## [Problem to solve]
The records below are to be transcribed exactly as they appear.

## [Data in this exercise]
== Segment start ==

Lemma ext_conductorP x : reflect
  (exists2 p : {poly A}, p \is a polyOver conductor &
                         x = (map_poly (@emb A) p).[u])
  (x \in ext_conductor).
Proof. exact: asboolP. Qed.

Lemma ext_conductor_submod_closed : submod_closed ext_conductor.
Proof.
split=> [|a x y /ext_conductorP[p Ip ->] /ext_conductorP[q Iq ->]].
  by apply/ext_conductorP; exists 0; rewrite ?rpred0 // map_poly0 horner0.
apply/ext_conductorP.
exists (a *: p + q); last by rewrite raddfD /= map_polyZ hornerD hornerZ.
apply/polyOverP => k; rewrite coefD coefZ.
by apply: rpredD; [exact: (rpredZ a (polyOverP Ip k)) | exact: (polyOverP Iq)].
Qed.

HB.instance Definition _ :=
  GRing.isSubmodClosed.Build A (frac_mod A) ext_conductor
    ext_conductor_submod_closed.

Lemma ext_conductorM (c : A) b :
  c \in conductor -> B b -> emb c * b \in ext_conductor.
Proof.
move=> Ic [p ->]; apply/ext_conductorP; exists (c *: p).
  by apply/polyOverP => k; rewrite coefZ mulrC; exact: (rpredZ p`_k Ic).
by rewrite map_polyZ hornerZ.
Qed.

Local Notation pi_ext := \pi_{quotmod ext_conductor}.

Definition conductor_mul (m : {quotmod conductor}) (b : {fraction A}) :
  {quotmod ext_conductor} := pi_ext (emb (repr m : A) * b : frac_mod A).

Lemma conductor_mulE (c : A) b : B b ->
  conductor_mul (\pi_{quotmod conductor} c) b = pi_ext (emb c * b : frac_mod A).
Proof.
move=> Bb; apply/eqP; rewrite pi_eq -mulrBl -rmorphB ext_conductorM //.
exact: repr_piB.
Qed.

Lemma conductor_mul_bilinear : bilinear_on B conductor_mul.
Proof.
split=> [b m1 m2 Bb | m b1 b2 _ _ | a m b Bb | a m b _].
- rewrite -[m1]reprK -[m2]reprK -piD !conductor_mulE //.
  by rewrite rmorphD mulrDl piD.
- by rewrite /conductor_mul mulrDr piD.
- rewrite -[m]reprK -piZ !conductor_mulE // -piZ frac_scaleE.
  by rewrite -[a *: _]/(a * (repr m : A)) rmorphM mulrA.
- by rewrite /conductor_mul -piZ frac_scaleE mulrCA.
Qed.

Hypothesis flatB : flat_over B.

Lemma ext_conductor1 : (1 : frac_mod A) \in ext_conductor.
Proof.
have tz : tensor_zero B [:: (\pi_{quotmod conductor} 1, 1)].
  apply: (flatB conductor_embedding_inj).
    by move=> x; rewrite inE => /eqP ->; apply: adjoin1.
  exact: tensor_zero_conductor_embedding1.
have := tz _ _ conductor_mul_bilinear.
rewrite big_seq1 /= conductor_mulE; last exact: adjoin1.
by rewrite rmorph1 mul1r => /eqP; rewrite pi_eq0.
Qed.

Lemma flat_inverse_powers :
  exists m, (0 < m)%N /\ forall r, (m <= r)%N -> u ^- r \in @im_emb A.
Proof.
have /ext_conductorP[p Ip p1] := ext_conductor1.
exists (size p).+1; split=> // r lt_p_r.
rewrite -[u ^- r]mul1r p1 horner_emb mulr_suml; apply: rpred_sum => k _.
have le_k_r : (k <= r)%N := leq_trans (ltnW (ltn_ord k)) (ltnW lt_p_r).
rewrite -mulrA expfVB //.
by have /conductorP := polyOverP Ip k; apply.
Qed.

End FlatInversePowers.

Lemma adjoin_is_localization (A : idomainType) (u : {fraction A}) m :
  u != 0 -> (forall r, (m <= r)%N -> u ^- r \in @im_emb A) ->
  is_localization (adjoin u).
Proof.
move=> u0 powA; exists (fun s => exists r, emb s = u ^- r); split.
- by exists 0%N; rewrite rmorph1 invr1.
- move=> s t [r sr] [k tk]; exists (r + k)%N.
  by rewrite rmorphM /= sr tk exprD invfM.
- by move=> s [r sr]; rewrite -(emb_eq0 s) sr invr_eq0 expf_neq0.
move=> x; split=> [[p ->] | [a [s [[r sr] ->]]]]; last first.
  rewrite sr invrK; apply: adjoinM; first exact: adjoin_emb.
  exact/adjoinX/adjoin_self.
pose r := (m + size p)%N.
have /im_embP[a pa] : (map_poly (@emb A) p).[u] * u ^- r \in @im_emb A.
  rewrite horner_emb mulr_suml; apply: rpred_sum => k _.
  have le_k_r : (k <= r)%N by rewrite (leq_trans (ltnW (ltn_ord k))) ?leq_addl.
  rewrite -mulrA expfVB // -frac_scaleE; apply/rpredZ/powA.
  by rewrite leq_subRL // addnC /r leq_add2l ltnW.
have /im_embP[s es] := powA r (leq_addr _ _).
exists a, s; split; first by exists r.
by rewrite -pa -es mulfK // invr_eq0 expf_neq0.
Qed.

Theorem theorem4p1 (A : idomainType) (u : {fraction A}) :
  flat_over (adjoin u) ->
  (exists v, adjoin u v /\ u * v = 1) ->
  (exists m : nat, (0 < m)%N /\
     forall r : nat, (m <= r)%N -> exists a : A, emb a = u ^- r) /\
  is_localization (adjoin u).
Proof.
move=> flatB [v [[q0 v_def] uv1]].
have u0 : u != 0.
  by apply: contra_eq_neq uv1 => ->; rewrite mul0r eq_sym oner_neq0.
have uV : u^-1 = (map_poly (@emb A) q0).[u].
  by rewrite -v_def -(mulKf u0 v) uv1 mulr1.
have [m [m_gt0 powA]] := flat_inverse_powers u0 uV flatB.
split; last exact: adjoin_is_localization u0 powA.
by exists m; split=> // r /powA /im_embP[a ->]; exists a.
Qed.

== Segment end ==

## [Exercise solution]
Lemma ext_conductorP x : reflect
  (exists2 p : {poly A}, p \is a polyOver conductor &
                         x = (map_poly (@emb A) p).[u])
  (x \in ext_conductor).
Proof. exact: asboolP. Qed.

Lemma ext_conductor_submod_closed : submod_closed ext_conductor.
Proof.
split=> [|a x y /ext_conductorP[p Ip ->] /ext_conductorP[q Iq ->]].
  by apply/ext_conductorP; exists 0; rewrite ?rpred0 // map_poly0 horner0.
apply/ext_conductorP.
exists (a *: p + q); last by rewrite raddfD /= map_polyZ hornerD hornerZ.
apply/polyOverP => k; rewrite coefD coefZ.
by apply: rpredD; [exact: (rpredZ a (polyOverP Ip k)) | exact: (polyOverP Iq)].
Qed.

HB.instance Definition _ :=
  GRing.isSubmodClosed.Build A (frac_mod A) ext_conductor
    ext_conductor_submod_closed.

Lemma ext_conductorM (c : A) b :
  c \in conductor -> B b -> emb c * b \in ext_conductor.
Proof.
move=> Ic [p ->]; apply/ext_conductorP; exists (c *: p).
  by apply/polyOverP => k; rewrite coefZ mulrC; exact: (rpredZ p`_k Ic).
by rewrite map_polyZ hornerZ.
Qed.

Local Notation pi_ext := \pi_{quotmod ext_conductor}.

Definition conductor_mul (m : {quotmod conductor}) (b : {fraction A}) :
  {quotmod ext_conductor} := pi_ext (emb (repr m : A) * b : frac_mod A).

Lemma conductor_mulE (c : A) b : B b ->
  conductor_mul (\pi_{quotmod conductor} c) b = pi_ext (emb c * b : frac_mod A).
Proof.
move=> Bb; apply/eqP; rewrite pi_eq -mulrBl -rmorphB ext_conductorM //.
exact: repr_piB.
Qed.

Lemma conductor_mul_bilinear : bilinear_on B conductor_mul.
Proof.
split=> [b m1 m2 Bb | m b1 b2 _ _ | a m b Bb | a m b _].
- rewrite -[m1]reprK -[m2]reprK -piD !conductor_mulE //.
  by rewrite rmorphD mulrDl piD.
- by rewrite /conductor_mul mulrDr piD.
- rewrite -[m]reprK -piZ !conductor_mulE // -piZ frac_scaleE.
  by rewrite -[a *: _]/(a * (repr m : A)) rmorphM mulrA.
- by rewrite /conductor_mul -piZ frac_scaleE mulrCA.
Qed.

Hypothesis flatB : flat_over B.

Lemma ext_conductor1 : (1 : frac_mod A) \in ext_conductor.
Proof.
have tz : tensor_zero B [:: (\pi_{quotmod conductor} 1, 1)].
  apply: (flatB conductor_embedding_inj).
    by move=> x; rewrite inE => /eqP ->; apply: adjoin1.
  exact: tensor_zero_conductor_embedding1.
have := tz _ _ conductor_mul_bilinear.
rewrite big_seq1 /= conductor_mulE; last exact: adjoin1.
by rewrite rmorph1 mul1r => /eqP; rewrite pi_eq0.
Qed.

Lemma flat_inverse_powers :
  exists m, (0 < m)%N /\ forall r, (m <= r)%N -> u ^- r \in @im_emb A.
Proof.
have /ext_conductorP[p Ip p1] := ext_conductor1.
exists (size p).+1; split=> // r lt_p_r.
rewrite -[u ^- r]mul1r p1 horner_emb mulr_suml; apply: rpred_sum => k _.
have le_k_r : (k <= r)%N := leq_trans (ltnW (ltn_ord k)) (ltnW lt_p_r).
rewrite -mulrA expfVB //.
by have /conductorP := polyOverP Ip k; apply.
Qed.

End FlatInversePowers.

Lemma adjoin_is_localization (A : idomainType) (u : {fraction A}) m :
  u != 0 -> (forall r, (m <= r)%N -> u ^- r \in @im_emb A) ->
  is_localization (adjoin u).
Proof.
move=> u0 powA; exists (fun s => exists r, emb s = u ^- r); split.
- by exists 0%N; rewrite rmorph1 invr1.
- move=> s t [r sr] [k tk]; exists (r + k)%N.
  by rewrite rmorphM /= sr tk exprD invfM.
- by move=> s [r sr]; rewrite -(emb_eq0 s) sr invr_eq0 expf_neq0.
move=> x; split=> [[p ->] | [a [s [[r sr] ->]]]]; last first.
  rewrite sr invrK; apply: adjoinM; first exact: adjoin_emb.
  exact/adjoinX/adjoin_self.
pose r := (m + size p)%N.
have /im_embP[a pa] : (map_poly (@emb A) p).[u] * u ^- r \in @im_emb A.
  rewrite horner_emb mulr_suml; apply: rpred_sum => k _.
  have le_k_r : (k <= r)%N by rewrite (leq_trans (ltnW (ltn_ord k))) ?leq_addl.
  rewrite -mulrA expfVB // -frac_scaleE; apply/rpredZ/powA.
  by rewrite leq_subRL // addnC /r leq_add2l ltnW.
have /im_embP[s es] := powA r (leq_addr _ _).
exists a, s; split; first by exists r.
by rewrite -pa -es mulfK // invr_eq0 expf_neq0.
Qed.

Theorem theorem4p1 (A : idomainType) (u : {fraction A}) :
  flat_over (adjoin u) ->
  (exists v, adjoin u v /\ u * v = 1) ->
  (exists m : nat, (0 < m)%N /\
     forall r : nat, (m <= r)%N -> exists a : A, emb a = u ^- r) /\
  is_localization (adjoin u).
Proof.
move=> flatB [v [[q0 v_def] uv1]].
have u0 : u != 0.
  by apply: contra_eq_neq uv1 => ->; rewrite mul0r eq_sym oner_neq0.
have uV : u^-1 = (map_poly (@emb A) q0).[u].
  by rewrite -v_def -(mulKf u0 v) uv1 mulr1.
have [m [m_gt0 powA]] := flat_inverse_powers u0 uV flatB.
split; last exact: adjoin_is_localization u0 powA.
by exists m; split=> // r /powA /im_embP[a ->]; exists a.
Qed.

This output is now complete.